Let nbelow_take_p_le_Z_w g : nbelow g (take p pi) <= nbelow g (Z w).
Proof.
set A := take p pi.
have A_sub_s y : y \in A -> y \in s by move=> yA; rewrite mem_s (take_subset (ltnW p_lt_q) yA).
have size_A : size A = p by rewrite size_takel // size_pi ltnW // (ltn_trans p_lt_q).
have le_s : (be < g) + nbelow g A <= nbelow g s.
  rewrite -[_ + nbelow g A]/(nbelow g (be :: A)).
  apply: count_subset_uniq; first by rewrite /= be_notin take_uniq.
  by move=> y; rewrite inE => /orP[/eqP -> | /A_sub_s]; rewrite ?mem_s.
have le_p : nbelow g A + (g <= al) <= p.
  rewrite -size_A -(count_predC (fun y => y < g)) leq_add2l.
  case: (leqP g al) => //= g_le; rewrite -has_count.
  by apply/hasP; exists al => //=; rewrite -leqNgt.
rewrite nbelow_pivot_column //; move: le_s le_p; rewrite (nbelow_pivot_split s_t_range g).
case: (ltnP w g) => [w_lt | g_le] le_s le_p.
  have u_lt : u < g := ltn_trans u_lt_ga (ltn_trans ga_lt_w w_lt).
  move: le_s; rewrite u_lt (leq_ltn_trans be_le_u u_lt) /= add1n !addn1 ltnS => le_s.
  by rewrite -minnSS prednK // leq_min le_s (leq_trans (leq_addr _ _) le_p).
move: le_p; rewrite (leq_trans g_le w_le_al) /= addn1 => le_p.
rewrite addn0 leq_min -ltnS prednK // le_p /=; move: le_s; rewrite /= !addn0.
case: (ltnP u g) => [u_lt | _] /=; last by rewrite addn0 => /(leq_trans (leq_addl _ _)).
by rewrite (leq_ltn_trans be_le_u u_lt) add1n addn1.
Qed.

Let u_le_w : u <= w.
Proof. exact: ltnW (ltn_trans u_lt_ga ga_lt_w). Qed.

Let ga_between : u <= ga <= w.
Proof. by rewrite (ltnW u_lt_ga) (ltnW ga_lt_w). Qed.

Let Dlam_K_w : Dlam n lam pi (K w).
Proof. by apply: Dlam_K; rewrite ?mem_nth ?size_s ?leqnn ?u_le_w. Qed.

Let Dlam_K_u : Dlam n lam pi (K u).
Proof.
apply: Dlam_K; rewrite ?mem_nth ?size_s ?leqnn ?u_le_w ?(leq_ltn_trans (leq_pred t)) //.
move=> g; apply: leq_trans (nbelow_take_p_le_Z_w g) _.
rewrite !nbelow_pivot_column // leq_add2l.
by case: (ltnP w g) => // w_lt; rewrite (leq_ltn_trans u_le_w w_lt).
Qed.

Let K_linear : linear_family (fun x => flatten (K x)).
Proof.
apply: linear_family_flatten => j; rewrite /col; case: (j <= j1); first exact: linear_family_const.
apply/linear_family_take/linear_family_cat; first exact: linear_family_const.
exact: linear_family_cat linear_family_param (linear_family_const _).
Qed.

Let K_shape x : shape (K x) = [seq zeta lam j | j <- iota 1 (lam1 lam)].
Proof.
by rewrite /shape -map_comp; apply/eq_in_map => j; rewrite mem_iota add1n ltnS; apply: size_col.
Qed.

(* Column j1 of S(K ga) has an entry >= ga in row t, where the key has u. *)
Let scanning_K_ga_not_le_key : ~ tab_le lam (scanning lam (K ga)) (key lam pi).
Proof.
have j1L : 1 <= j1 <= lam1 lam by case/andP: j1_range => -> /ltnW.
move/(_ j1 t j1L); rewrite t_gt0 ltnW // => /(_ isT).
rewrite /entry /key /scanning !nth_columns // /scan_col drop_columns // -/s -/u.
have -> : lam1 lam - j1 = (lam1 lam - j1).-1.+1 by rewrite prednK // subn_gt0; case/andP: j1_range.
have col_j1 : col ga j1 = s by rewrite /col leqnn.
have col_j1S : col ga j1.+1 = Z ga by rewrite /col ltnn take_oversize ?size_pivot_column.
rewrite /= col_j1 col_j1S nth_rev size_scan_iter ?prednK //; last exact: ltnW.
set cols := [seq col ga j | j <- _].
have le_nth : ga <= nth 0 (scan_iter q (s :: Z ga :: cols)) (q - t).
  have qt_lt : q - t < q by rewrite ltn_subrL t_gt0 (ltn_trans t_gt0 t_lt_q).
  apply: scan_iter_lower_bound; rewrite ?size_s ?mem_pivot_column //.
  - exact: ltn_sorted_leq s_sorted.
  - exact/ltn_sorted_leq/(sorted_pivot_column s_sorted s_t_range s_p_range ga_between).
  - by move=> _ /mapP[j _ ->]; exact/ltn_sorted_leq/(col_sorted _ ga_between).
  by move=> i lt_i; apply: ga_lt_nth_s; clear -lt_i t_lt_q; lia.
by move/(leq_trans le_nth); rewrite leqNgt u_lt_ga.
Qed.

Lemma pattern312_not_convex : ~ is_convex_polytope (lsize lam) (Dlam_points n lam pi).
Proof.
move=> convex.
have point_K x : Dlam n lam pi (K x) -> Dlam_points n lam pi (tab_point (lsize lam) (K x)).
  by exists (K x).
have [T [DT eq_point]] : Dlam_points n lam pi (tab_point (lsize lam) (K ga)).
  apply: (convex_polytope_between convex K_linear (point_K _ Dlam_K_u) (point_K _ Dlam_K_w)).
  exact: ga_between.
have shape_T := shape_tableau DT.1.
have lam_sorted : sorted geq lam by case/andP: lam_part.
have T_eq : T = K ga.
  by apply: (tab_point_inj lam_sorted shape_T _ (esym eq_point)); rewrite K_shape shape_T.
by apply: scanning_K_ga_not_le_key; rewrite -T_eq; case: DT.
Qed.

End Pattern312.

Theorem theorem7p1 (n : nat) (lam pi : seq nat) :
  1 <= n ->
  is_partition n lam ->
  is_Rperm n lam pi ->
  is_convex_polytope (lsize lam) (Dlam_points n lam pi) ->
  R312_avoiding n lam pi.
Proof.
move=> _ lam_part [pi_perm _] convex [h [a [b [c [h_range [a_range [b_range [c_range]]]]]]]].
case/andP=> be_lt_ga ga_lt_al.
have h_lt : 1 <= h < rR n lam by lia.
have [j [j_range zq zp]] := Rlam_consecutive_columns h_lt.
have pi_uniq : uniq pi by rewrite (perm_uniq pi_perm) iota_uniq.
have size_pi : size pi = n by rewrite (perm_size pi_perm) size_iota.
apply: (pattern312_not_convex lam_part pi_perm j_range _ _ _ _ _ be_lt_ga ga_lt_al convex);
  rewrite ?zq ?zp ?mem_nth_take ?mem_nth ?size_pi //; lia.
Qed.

* * *

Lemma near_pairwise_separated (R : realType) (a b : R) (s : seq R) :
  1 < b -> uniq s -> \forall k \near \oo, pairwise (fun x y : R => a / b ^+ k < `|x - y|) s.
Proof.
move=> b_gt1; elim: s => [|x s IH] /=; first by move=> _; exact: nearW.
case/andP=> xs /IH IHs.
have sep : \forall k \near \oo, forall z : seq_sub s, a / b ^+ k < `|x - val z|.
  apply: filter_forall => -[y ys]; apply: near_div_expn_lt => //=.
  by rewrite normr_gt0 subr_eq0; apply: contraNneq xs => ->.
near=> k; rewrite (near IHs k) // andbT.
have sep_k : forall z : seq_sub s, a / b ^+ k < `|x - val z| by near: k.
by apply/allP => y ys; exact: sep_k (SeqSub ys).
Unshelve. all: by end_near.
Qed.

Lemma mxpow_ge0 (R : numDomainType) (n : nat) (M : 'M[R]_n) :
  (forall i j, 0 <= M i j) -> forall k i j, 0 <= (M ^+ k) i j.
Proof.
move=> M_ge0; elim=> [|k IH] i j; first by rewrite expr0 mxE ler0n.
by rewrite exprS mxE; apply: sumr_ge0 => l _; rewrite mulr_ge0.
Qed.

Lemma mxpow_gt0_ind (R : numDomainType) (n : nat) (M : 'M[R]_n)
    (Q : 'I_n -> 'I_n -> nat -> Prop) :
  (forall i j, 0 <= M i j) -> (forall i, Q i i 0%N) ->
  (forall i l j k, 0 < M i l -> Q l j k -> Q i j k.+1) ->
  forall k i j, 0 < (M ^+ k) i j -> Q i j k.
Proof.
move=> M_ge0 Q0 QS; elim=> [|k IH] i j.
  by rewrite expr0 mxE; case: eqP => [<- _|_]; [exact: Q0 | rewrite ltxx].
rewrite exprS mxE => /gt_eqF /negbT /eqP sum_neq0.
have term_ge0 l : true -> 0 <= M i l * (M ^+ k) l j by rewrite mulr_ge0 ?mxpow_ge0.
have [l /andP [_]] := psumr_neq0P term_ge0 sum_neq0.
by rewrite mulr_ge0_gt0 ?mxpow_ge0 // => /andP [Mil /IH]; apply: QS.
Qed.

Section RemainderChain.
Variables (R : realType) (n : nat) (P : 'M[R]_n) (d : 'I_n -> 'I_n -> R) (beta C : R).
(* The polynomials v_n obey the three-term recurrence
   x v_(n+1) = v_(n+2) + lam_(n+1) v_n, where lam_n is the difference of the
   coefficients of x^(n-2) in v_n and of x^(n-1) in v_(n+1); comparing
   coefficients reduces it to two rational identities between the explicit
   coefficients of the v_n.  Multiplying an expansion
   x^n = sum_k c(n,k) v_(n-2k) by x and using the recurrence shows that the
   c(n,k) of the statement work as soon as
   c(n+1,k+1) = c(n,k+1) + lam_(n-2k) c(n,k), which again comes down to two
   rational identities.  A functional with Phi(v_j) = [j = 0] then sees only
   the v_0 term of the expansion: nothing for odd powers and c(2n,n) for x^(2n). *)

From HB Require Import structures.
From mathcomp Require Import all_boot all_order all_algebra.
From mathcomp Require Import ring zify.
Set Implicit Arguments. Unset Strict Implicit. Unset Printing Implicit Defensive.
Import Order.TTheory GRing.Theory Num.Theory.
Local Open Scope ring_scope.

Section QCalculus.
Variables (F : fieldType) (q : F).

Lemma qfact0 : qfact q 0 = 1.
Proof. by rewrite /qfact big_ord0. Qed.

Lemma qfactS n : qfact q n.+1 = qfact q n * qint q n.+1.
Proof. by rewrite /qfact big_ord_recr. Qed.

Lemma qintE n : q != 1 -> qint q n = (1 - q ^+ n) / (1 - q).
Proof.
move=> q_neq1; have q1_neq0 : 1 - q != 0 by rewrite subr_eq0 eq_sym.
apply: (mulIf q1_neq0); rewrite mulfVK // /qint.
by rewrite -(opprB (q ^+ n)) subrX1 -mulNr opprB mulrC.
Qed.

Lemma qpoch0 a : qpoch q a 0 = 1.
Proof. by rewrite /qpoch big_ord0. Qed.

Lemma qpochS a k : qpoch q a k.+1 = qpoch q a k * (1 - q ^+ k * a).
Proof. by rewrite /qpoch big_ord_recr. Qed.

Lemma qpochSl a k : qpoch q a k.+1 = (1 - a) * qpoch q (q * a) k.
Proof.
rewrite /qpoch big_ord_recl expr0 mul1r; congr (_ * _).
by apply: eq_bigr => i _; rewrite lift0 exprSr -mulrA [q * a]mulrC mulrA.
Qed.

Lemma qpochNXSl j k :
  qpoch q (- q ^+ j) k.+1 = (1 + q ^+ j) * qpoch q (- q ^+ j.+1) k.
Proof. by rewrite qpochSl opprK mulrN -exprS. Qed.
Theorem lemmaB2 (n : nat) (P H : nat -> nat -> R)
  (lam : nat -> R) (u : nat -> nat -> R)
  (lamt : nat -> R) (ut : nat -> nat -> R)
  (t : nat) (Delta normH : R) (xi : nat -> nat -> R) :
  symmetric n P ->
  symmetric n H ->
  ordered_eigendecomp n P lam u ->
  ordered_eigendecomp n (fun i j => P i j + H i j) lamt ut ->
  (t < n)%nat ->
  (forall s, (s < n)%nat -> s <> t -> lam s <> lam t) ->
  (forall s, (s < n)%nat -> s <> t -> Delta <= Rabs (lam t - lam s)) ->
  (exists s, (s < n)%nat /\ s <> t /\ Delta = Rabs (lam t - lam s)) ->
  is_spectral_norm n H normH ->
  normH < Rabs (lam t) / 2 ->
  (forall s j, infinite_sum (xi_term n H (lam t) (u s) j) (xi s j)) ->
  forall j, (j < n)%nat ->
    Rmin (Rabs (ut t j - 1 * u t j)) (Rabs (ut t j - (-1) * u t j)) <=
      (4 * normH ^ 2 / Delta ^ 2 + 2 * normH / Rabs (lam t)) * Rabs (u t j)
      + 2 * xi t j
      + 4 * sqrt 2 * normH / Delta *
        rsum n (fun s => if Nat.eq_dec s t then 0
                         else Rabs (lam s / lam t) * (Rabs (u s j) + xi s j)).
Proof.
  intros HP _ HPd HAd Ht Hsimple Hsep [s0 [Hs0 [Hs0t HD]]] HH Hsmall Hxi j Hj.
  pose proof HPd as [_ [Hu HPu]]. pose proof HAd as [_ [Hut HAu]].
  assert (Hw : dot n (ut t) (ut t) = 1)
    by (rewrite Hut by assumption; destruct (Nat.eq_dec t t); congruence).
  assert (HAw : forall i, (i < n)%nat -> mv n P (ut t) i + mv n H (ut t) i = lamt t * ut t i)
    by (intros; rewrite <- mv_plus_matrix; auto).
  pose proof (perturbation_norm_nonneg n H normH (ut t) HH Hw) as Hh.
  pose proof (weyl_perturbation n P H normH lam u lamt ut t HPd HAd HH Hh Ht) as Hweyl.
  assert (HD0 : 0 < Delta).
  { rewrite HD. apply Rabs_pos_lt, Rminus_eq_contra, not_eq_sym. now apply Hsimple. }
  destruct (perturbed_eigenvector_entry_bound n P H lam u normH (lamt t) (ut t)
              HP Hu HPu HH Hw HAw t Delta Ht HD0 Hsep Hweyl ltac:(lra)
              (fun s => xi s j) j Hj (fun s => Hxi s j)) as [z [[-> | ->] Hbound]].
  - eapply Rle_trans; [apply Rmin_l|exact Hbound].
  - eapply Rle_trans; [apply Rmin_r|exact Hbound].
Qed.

# About this exercise:
Reproduce the lines of the entries above from the one with "Let nbelow_take_p_le_Z_w g" to the one with "apply: count_subset_uniq; first", both included, exactly and without any other line.

# Output below:
Let nbelow_take_p_le_Z_w g : nbelow g (take p pi) <= nbelow g (Z w).
Proof.
set A := take p pi.
have A_sub_s y : y \in A -> y \in s by move=> yA; rewrite mem_s (take_subset (ltnW p_lt_q) yA).
have size_A : size A = p by rewrite size_takel // size_pi ltnW // (ltn_trans p_lt_q).
have le_s : (be < g) + nbelow g A <= nbelow g s.
  rewrite -[_ + nbelow g A]/(nbelow g (be :: A)).
  apply: count_subset_uniq; first by rewrite /= be_notin take_uniq.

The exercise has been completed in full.